Aim of the exercise:
From the first line to the last, print the records exactly.

Task material:
(* For every $l\in\mathbb N$ there exists an update sequence of width $l$ on the real line such that any probabilistic monotone embedding of this sequence into HSTs has distortion $\Omega(l)$, even if the entire sequence is known in advance.
   Context: For $\mu \ge 1$, a $\mu$-HST is a metric space whose points are the leaves of a rooted tree $T$; every node $v$ has weight $\varphi(v)\ge 0$, $\varphi(v)=0$ iff $v$ is a leaf, $\varphi(v)\le\varphi(u)/\mu$ when $v$ is a child of $u$; the distance of leaves $u,v$ is $\varphi(\mathrm{lca}(u,v))$. An update sequence on $(X,d_X)$ is a sequence of pairs $(v_t,o_t)\in X\times\{+,-\}$ ($v_t$ arrives if $o_t=+$, leaves if $o_t=-$) with alive sets $L_0=\varnothing$, $L_t=L_{t-1}\cup\{v_t\}$ or $L_{t-1}\setminus\{v_t\}$ accordingly; its width is $\max_t|L_t|$. A (deterministic) monotone embedding of the sequence into HSTs is a sequence of metrics $d_t$ on $L_t$, each an HST, with $d_t(u,v)\ge d_X(u,v)$ for $u,v\in L_t$ and $d_t(u,v)\le d_{t-1}(u,v)$ for $u,v\in L_{t-1}\cap L_t$; a probabilistic one is a probability distribution over these. Its distortion is the least $\lambda$ with $\mathbb E[d_t(u,v)]\le\lambda d_X(u,v)$ for all $t$ and $u,v\in L_t$. *)

From Stdlib Require Import Rdefinitions.
From HB Require Import structures.
From mathcomp Require Import all_boot all_order all_algebra.
From mathcomp Require Import finmap.
From mathcomp Require Import all_classical all_reals all_analysis.
From mathcomp Require Import Rstruct.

Response to the exercise:
(* For every $l\in\mathbb N$ there exists an update sequence of width $l$ on the real line such that any probabilistic monotone embedding of this sequence into HSTs has distortion $\Omega(l)$, even if the entire sequence is known in advance.
   Context: For $\mu \ge 1$, a $\mu$-HST is a metric space whose points are the leaves of a rooted tree $T$; every node $v$ has weight $\varphi(v)\ge 0$, $\varphi(v)=0$ iff $v$ is a leaf, $\varphi(v)\le\varphi(u)/\mu$ when $v$ is a child of $u$; the distance of leaves $u,v$ is $\varphi(\mathrm{lca}(u,v))$. An update sequence on $(X,d_X)$ is a sequence of pairs $(v_t,o_t)\in X\times\{+,-\}$ ($v_t$ arrives if $o_t=+$, leaves if $o_t=-$) with alive sets $L_0=\varnothing$, $L_t=L_{t-1}\cup\{v_t\}$ or $L_{t-1}\setminus\{v_t\}$ accordingly; its width is $\max_t|L_t|$. A (deterministic) monotone embedding of the sequence into HSTs is a sequence of metrics $d_t$ on $L_t$, each an HST, with $d_t(u,v)\ge d_X(u,v)$ for $u,v\in L_t$ and $d_t(u,v)\le d_{t-1}(u,v)$ for $u,v\in L_{t-1}\cap L_t$; a probabilistic one is a probability distribution over these. Its distortion is the least $\lambda$ with $\mathbb E[d_t(u,v)]\le\lambda d_X(u,v)$ for all $t$ and $u,v\in L_t$. *)

From Stdlib Require Import Rdefinitions.
From HB Require Import structures.
From mathcomp Require Import all_boot all_order all_algebra.
From mathcomp Require Import finmap.
From mathcomp Require Import all_classical all_reals all_analysis.
From mathcomp Require Import Rstruct.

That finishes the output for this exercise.